[Saved data entries]
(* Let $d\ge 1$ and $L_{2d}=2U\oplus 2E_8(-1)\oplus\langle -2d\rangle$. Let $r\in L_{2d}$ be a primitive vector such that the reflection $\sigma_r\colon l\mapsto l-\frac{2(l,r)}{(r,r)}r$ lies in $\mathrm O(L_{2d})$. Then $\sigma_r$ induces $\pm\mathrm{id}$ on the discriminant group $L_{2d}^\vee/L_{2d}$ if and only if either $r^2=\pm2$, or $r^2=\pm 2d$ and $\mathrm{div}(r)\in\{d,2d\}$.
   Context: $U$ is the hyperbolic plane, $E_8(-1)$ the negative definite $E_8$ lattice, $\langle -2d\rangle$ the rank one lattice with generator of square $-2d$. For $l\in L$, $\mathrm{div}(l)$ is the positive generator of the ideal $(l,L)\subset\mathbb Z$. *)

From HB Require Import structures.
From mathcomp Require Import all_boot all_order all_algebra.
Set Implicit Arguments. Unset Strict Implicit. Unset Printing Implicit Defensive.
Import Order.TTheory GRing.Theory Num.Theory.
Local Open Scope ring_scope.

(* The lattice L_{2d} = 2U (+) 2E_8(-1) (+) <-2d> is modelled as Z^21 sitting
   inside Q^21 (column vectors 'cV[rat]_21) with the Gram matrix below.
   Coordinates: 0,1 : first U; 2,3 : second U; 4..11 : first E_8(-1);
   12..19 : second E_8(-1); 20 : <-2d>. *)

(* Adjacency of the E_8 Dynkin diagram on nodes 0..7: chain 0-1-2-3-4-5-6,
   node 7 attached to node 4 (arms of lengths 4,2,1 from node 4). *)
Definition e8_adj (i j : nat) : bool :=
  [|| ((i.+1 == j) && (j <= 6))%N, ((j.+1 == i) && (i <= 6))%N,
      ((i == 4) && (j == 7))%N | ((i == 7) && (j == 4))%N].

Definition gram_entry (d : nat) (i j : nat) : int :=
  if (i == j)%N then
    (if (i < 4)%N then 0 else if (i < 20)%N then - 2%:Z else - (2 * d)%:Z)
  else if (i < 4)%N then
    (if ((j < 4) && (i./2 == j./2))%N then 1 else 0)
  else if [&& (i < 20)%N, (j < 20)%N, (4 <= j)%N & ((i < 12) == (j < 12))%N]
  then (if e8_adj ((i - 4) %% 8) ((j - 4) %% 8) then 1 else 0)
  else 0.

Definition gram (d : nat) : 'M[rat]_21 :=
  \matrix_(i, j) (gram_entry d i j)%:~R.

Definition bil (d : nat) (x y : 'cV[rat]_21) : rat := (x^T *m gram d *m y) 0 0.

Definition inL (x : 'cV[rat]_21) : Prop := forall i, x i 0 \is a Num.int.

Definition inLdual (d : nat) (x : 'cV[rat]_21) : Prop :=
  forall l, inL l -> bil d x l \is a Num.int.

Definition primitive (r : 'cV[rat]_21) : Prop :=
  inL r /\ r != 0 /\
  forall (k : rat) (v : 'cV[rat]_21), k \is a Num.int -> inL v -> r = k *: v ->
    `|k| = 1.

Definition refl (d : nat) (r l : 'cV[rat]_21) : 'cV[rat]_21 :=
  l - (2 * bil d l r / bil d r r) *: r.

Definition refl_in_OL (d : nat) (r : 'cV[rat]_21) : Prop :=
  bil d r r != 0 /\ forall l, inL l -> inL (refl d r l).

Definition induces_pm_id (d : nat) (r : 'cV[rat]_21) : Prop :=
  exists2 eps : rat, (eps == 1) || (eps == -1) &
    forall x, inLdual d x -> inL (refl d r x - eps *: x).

--

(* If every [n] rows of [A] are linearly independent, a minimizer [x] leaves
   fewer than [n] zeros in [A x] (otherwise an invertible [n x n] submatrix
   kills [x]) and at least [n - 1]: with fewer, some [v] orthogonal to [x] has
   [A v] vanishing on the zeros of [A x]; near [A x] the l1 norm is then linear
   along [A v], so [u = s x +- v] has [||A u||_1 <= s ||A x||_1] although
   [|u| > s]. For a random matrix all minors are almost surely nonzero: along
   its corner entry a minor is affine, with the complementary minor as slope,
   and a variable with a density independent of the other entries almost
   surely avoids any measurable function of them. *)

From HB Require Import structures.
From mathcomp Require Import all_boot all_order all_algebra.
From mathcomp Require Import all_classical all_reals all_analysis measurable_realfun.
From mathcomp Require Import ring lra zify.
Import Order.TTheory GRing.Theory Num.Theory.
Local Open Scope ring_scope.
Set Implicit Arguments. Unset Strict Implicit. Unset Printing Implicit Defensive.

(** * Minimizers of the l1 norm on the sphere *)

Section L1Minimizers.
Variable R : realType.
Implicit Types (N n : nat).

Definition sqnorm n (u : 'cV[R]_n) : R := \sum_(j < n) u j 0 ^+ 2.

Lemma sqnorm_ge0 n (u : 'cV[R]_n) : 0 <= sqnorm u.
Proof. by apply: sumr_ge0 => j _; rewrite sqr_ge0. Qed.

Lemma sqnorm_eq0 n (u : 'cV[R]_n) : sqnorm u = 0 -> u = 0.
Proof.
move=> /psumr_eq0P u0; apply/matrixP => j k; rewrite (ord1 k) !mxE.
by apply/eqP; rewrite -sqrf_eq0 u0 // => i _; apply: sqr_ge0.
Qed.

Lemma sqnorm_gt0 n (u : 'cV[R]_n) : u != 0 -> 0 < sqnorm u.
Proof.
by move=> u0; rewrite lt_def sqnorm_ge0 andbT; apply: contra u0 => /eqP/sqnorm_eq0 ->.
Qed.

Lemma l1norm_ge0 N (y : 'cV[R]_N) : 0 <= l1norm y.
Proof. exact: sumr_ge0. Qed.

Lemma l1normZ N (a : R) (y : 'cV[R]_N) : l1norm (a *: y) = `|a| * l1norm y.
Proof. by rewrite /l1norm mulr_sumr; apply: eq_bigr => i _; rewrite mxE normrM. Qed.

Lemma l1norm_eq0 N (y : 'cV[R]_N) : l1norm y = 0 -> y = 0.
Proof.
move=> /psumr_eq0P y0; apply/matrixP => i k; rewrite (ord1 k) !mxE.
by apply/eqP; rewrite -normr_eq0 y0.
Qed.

_Exercise brief_: The job here is to find each line above with the word "apply" and copy it.

_Result of this task_:
Proof. by apply: sumr_ge0 => j _; rewrite sqr_ge0. Qed.
move=> /psumr_eq0P u0; apply/matrixP => j k; rewrite (ord1 k) !mxE.
by apply/eqP; rewrite -sqrf_eq0 u0 // => i _; apply: sqr_ge0.
by move=> u0; rewrite lt_def sqnorm_ge0 andbT; apply: contra u0 => /eqP/sqnorm_eq0 ->.
Proof. by rewrite /l1norm mulr_sumr; apply: eq_bigr => i _; rewrite mxE normrM. Qed.
move=> /psumr_eq0P y0; apply/matrixP => i k; rewrite (ord1 k) !mxE.
by apply/eqP; rewrite -normr_eq0 y0.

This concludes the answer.